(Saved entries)

Start of Block

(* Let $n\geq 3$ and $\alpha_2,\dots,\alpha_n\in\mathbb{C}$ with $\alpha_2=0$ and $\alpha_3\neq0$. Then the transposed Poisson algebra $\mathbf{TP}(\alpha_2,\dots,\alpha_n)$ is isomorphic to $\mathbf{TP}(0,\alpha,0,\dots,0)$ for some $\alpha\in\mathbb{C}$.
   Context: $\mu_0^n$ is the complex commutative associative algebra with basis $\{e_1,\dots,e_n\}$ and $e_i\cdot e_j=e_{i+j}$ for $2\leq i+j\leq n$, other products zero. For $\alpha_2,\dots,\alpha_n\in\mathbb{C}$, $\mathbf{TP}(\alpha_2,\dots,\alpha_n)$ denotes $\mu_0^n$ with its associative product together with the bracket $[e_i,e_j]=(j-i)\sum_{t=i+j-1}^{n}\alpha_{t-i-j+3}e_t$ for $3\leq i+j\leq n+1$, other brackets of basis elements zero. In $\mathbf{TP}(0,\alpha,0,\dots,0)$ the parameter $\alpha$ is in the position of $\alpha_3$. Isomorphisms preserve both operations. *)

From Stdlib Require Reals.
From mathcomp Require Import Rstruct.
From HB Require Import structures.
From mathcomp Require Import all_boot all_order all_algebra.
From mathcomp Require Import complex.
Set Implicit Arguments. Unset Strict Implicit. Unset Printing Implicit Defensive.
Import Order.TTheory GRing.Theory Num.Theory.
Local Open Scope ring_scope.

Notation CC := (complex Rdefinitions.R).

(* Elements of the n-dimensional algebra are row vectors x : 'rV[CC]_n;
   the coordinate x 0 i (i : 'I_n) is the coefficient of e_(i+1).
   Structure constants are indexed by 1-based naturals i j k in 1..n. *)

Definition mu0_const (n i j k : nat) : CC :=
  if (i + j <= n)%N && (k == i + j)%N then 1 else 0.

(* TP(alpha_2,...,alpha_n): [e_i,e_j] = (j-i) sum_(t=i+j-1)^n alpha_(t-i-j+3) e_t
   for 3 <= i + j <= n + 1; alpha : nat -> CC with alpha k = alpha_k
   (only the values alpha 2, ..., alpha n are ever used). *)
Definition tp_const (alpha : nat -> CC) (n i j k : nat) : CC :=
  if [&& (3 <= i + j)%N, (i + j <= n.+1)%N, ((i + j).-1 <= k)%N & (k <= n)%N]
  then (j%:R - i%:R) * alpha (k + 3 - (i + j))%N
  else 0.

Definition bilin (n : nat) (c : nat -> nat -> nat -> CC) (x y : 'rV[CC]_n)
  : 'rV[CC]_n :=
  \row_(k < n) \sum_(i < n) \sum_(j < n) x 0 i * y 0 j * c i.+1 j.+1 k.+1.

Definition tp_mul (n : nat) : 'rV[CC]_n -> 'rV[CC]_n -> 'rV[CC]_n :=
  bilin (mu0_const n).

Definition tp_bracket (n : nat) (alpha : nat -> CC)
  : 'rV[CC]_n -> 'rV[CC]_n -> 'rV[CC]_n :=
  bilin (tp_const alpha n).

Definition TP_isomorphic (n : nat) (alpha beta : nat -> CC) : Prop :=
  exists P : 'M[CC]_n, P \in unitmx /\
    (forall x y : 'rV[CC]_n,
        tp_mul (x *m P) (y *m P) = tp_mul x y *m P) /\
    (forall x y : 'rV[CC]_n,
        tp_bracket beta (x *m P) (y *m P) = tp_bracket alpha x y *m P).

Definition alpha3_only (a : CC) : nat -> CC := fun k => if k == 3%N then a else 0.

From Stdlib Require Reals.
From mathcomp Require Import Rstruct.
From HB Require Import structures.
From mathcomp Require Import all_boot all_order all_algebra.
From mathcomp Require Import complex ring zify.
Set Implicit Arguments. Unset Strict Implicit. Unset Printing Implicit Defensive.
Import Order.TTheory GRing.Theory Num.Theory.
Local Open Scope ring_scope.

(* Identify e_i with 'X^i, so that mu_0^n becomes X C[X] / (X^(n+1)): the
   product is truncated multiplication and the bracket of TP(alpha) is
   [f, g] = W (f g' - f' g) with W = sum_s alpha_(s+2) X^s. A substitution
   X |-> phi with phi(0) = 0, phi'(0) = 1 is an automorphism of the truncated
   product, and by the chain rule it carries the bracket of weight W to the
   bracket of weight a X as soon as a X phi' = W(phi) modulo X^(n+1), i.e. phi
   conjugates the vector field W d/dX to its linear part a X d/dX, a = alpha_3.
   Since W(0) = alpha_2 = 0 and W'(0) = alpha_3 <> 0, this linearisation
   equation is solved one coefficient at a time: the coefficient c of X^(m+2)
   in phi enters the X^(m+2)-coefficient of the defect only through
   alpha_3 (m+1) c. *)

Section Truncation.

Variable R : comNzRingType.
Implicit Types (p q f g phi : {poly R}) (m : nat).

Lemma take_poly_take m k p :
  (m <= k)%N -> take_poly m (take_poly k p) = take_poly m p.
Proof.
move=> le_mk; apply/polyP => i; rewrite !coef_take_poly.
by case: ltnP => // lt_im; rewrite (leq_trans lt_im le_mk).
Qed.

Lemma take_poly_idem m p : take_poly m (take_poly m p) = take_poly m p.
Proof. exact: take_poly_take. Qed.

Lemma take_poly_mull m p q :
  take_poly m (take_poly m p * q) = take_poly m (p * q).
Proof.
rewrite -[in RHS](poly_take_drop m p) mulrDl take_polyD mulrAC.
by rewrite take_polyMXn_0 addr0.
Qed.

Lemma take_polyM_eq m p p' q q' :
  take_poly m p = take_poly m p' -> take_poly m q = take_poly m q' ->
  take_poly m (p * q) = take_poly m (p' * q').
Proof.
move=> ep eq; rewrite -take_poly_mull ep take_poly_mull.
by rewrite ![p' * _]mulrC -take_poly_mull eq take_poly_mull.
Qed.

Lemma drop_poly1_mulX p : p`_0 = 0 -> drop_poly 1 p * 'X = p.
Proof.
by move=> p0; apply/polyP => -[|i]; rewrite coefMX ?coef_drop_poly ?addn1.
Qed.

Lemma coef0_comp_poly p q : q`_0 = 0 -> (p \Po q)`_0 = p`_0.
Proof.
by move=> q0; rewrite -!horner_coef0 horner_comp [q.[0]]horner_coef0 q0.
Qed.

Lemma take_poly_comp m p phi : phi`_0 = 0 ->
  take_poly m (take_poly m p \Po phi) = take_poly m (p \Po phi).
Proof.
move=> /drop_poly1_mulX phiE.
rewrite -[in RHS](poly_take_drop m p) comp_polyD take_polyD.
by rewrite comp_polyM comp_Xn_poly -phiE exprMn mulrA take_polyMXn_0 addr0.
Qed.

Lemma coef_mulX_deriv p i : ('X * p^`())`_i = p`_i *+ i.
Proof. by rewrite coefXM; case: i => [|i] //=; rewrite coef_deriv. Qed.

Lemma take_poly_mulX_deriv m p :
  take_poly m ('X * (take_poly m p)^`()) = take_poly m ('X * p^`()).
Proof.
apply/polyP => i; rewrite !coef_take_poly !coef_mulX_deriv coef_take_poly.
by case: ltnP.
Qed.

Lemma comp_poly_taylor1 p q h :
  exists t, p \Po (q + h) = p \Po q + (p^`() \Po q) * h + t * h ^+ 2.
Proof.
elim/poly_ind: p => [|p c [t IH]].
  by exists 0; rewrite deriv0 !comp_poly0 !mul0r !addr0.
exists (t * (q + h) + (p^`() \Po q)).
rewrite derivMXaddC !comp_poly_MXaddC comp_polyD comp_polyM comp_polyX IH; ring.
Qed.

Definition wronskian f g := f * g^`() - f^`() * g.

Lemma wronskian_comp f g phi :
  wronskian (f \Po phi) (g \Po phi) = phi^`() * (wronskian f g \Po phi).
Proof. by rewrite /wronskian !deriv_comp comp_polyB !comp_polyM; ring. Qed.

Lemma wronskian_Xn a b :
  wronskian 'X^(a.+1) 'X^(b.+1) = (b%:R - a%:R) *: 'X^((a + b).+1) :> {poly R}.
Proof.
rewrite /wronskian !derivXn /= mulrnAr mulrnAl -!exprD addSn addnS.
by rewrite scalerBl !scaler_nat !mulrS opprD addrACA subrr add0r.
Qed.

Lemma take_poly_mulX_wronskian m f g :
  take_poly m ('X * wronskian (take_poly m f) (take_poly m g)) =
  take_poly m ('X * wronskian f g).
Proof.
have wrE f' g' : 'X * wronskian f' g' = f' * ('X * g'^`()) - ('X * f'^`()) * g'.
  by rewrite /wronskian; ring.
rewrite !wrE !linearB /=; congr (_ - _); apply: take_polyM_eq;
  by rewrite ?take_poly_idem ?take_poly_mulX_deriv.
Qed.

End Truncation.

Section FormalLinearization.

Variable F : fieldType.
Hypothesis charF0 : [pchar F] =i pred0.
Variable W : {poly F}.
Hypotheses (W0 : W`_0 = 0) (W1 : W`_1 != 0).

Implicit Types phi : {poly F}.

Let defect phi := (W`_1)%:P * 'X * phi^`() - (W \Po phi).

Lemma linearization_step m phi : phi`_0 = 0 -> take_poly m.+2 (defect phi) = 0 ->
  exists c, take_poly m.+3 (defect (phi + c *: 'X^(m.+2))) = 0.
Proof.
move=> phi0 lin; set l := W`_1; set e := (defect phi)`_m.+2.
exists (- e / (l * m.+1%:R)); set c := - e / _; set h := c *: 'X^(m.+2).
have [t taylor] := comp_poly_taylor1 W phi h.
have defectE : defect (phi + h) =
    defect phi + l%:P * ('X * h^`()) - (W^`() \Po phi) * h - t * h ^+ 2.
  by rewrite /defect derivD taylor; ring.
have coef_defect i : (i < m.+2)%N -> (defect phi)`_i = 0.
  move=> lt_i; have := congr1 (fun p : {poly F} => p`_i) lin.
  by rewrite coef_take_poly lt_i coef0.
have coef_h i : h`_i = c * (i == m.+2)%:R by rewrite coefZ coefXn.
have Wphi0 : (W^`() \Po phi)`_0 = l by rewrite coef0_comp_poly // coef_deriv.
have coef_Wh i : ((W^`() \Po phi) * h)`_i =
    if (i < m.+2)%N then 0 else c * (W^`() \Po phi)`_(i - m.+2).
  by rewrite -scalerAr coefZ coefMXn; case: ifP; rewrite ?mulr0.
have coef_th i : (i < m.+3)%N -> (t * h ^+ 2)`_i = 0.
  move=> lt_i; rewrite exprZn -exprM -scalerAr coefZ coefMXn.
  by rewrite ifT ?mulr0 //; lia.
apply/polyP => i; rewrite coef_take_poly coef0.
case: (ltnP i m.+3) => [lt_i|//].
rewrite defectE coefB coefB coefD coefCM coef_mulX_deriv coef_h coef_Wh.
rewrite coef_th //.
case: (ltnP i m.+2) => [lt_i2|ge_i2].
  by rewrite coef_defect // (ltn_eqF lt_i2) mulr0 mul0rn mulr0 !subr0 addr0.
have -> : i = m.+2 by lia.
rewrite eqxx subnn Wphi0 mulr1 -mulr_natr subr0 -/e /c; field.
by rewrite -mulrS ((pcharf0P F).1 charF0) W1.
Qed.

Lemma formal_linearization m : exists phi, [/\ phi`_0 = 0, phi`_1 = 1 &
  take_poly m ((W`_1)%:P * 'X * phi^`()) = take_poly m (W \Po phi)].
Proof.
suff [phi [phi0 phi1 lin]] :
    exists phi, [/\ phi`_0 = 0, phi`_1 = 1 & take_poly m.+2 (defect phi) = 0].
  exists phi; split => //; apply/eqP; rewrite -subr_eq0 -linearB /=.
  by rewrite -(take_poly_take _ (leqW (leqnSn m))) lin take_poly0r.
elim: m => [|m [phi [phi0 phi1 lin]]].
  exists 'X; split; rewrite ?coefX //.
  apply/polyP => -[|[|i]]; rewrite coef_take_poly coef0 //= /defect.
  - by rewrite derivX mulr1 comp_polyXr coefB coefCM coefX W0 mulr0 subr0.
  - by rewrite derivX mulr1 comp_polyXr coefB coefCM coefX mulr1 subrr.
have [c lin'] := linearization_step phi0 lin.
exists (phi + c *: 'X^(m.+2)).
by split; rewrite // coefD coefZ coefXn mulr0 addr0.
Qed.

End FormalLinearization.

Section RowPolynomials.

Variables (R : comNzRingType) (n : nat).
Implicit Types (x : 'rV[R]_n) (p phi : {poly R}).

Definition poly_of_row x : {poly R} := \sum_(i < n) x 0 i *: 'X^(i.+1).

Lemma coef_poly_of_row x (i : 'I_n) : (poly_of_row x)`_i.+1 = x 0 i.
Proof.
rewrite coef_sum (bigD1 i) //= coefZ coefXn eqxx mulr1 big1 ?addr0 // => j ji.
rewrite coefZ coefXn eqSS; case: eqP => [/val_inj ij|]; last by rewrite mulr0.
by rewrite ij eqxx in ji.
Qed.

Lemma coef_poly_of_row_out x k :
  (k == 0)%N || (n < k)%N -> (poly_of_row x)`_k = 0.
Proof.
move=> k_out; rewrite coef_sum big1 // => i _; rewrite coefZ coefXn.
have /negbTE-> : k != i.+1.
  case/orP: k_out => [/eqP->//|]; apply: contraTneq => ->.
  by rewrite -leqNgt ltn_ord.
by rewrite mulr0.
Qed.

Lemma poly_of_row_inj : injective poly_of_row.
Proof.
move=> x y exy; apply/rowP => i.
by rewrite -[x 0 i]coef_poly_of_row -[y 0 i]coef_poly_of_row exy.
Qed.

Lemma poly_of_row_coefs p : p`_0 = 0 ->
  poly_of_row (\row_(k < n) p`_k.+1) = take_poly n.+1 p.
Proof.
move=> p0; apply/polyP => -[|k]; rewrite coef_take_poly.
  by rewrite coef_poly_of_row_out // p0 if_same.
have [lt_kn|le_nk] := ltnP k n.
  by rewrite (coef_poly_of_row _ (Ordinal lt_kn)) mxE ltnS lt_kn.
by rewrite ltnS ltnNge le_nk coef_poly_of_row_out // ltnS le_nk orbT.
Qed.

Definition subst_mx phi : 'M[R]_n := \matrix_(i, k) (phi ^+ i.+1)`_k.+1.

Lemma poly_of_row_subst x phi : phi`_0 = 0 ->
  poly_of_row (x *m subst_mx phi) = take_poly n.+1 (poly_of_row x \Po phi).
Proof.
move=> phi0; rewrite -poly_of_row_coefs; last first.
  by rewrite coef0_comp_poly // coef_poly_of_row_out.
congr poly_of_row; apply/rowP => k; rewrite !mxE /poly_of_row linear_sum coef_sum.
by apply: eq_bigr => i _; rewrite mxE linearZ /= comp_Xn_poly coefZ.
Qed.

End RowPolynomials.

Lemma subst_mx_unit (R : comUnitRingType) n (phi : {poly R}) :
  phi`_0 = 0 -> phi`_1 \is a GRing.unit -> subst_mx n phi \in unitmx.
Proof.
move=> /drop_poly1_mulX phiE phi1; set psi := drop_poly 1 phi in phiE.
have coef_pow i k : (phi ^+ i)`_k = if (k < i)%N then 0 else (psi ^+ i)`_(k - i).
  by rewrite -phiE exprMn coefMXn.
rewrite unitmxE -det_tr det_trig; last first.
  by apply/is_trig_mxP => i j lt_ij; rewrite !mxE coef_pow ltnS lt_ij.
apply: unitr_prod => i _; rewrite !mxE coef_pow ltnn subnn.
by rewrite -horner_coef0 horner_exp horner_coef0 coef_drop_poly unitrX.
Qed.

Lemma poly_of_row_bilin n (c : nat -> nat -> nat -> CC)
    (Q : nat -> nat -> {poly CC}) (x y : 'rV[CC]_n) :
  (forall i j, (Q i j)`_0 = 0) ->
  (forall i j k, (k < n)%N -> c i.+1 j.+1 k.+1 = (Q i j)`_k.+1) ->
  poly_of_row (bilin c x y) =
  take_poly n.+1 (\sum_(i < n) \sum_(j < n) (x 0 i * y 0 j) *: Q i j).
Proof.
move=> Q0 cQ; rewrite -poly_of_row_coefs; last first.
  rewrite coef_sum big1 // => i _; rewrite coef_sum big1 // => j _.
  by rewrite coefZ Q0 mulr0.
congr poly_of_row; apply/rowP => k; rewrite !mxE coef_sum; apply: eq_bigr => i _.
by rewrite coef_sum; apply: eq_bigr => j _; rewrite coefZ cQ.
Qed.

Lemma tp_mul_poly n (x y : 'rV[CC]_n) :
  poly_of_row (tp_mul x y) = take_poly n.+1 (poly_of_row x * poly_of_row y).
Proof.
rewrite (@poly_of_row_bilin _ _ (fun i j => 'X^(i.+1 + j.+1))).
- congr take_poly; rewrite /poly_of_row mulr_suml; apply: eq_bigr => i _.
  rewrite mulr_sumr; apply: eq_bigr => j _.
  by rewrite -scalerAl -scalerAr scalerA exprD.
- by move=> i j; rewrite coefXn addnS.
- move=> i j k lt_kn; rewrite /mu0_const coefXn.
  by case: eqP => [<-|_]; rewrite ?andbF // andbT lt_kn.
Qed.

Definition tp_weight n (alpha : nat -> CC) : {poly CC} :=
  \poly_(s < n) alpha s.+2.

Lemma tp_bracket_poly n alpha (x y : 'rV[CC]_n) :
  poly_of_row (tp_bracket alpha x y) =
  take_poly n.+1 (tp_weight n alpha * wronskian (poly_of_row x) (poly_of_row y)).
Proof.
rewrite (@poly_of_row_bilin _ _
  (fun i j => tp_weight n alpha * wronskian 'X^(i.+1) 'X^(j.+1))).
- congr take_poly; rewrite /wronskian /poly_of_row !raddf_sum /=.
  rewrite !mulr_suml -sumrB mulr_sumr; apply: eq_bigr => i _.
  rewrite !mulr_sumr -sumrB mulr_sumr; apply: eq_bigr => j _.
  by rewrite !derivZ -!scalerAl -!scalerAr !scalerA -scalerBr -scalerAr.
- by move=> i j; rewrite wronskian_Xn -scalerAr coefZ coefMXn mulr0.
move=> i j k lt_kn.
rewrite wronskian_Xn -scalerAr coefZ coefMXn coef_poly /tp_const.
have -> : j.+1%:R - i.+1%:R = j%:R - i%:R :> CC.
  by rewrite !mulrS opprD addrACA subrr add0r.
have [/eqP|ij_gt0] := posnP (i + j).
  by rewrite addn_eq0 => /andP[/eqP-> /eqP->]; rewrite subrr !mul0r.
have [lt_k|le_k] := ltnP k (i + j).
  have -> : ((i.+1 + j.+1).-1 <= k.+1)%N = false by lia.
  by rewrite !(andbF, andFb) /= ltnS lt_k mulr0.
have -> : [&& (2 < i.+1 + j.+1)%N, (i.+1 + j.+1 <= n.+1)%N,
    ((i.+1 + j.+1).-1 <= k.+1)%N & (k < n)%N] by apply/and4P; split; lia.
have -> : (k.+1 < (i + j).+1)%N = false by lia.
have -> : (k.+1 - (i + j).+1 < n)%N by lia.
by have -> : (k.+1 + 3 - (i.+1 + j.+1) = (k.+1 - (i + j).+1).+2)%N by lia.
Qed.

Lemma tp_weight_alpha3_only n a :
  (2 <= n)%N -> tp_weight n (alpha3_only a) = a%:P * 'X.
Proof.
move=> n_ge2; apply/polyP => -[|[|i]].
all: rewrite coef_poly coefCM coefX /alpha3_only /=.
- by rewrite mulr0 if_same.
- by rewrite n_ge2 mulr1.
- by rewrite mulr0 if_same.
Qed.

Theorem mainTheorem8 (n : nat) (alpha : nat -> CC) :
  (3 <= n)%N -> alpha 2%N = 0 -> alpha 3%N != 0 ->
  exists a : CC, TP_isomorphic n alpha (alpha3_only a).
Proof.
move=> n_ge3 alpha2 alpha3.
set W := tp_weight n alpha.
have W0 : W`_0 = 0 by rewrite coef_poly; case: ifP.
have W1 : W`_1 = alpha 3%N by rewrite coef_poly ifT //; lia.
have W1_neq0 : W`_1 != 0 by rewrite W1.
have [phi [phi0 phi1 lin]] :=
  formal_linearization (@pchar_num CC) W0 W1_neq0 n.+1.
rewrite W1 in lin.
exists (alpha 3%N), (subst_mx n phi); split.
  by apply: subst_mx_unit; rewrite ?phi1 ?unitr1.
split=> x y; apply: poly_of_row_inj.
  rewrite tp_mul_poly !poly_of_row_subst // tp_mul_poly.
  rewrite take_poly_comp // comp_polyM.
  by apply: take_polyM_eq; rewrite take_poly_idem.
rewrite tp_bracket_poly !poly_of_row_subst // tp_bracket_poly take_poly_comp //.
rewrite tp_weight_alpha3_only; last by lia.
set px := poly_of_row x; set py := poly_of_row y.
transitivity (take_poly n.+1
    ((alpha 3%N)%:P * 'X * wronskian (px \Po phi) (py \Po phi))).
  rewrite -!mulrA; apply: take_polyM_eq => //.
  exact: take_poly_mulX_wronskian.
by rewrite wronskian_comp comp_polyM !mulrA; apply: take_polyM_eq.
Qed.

End of Block

Your reply is to repeat, unchanged, the lines above running from the one with "wronskian (f \Po" up to and including the one with "have coef_th i".

RESULT OF THE TASK:
  wronskian (f \Po phi) (g \Po phi) = phi^`() * (wronskian f g \Po phi).
Proof. by rewrite /wronskian !deriv_comp comp_polyB !comp_polyM; ring. Qed.

Lemma wronskian_Xn a b :
  wronskian 'X^(a.+1) 'X^(b.+1) = (b%:R - a%:R) *: 'X^((a + b).+1) :> {poly R}.
Proof.
rewrite /wronskian !derivXn /= mulrnAr mulrnAl -!exprD addSn addnS.
by rewrite scalerBl !scaler_nat !mulrS opprD addrACA subrr add0r.
Qed.

Lemma take_poly_mulX_wronskian m f g :
  take_poly m ('X * wronskian (take_poly m f) (take_poly m g)) =
  take_poly m ('X * wronskian f g).
Proof.
have wrE f' g' : 'X * wronskian f' g' = f' * ('X * g'^`()) - ('X * f'^`()) * g'.
  by rewrite /wronskian; ring.
rewrite !wrE !linearB /=; congr (_ - _); apply: take_polyM_eq;
  by rewrite ?take_poly_idem ?take_poly_mulX_deriv.
Qed.

End Truncation.

Section FormalLinearization.

Variable F : fieldType.
Hypothesis charF0 : [pchar F] =i pred0.
Variable W : {poly F}.
Hypotheses (W0 : W`_0 = 0) (W1 : W`_1 != 0).

Implicit Types phi : {poly F}.

Let defect phi := (W`_1)%:P * 'X * phi^`() - (W \Po phi).

Lemma linearization_step m phi : phi`_0 = 0 -> take_poly m.+2 (defect phi) = 0 ->
  exists c, take_poly m.+3 (defect (phi + c *: 'X^(m.+2))) = 0.
Proof.
move=> phi0 lin; set l := W`_1; set e := (defect phi)`_m.+2.
exists (- e / (l * m.+1%:R)); set c := - e / _; set h := c *: 'X^(m.+2).
have [t taylor] := comp_poly_taylor1 W phi h.
have defectE : defect (phi + h) =
    defect phi + l%:P * ('X * h^`()) - (W^`() \Po phi) * h - t * h ^+ 2.
  by rewrite /defect derivD taylor; ring.
have coef_defect i : (i < m.+2)%N -> (defect phi)`_i = 0.
  move=> lt_i; have := congr1 (fun p : {poly F} => p`_i) lin.
  by rewrite coef_take_poly lt_i coef0.
have coef_h i : h`_i = c * (i == m.+2)%:R by rewrite coefZ coefXn.
have Wphi0 : (W^`() \Po phi)`_0 = l by rewrite coef0_comp_poly // coef_deriv.
have coef_Wh i : ((W^`() \Po phi) * h)`_i =
    if (i < m.+2)%N then 0 else c * (W^`() \Po phi)`_(i - m.+2).
  by rewrite -scalerAr coefZ coefMXn; case: ifP; rewrite ?mulr0.
have coef_th i : (i < m.+3)%N -> (t * h ^+ 2)`_i = 0.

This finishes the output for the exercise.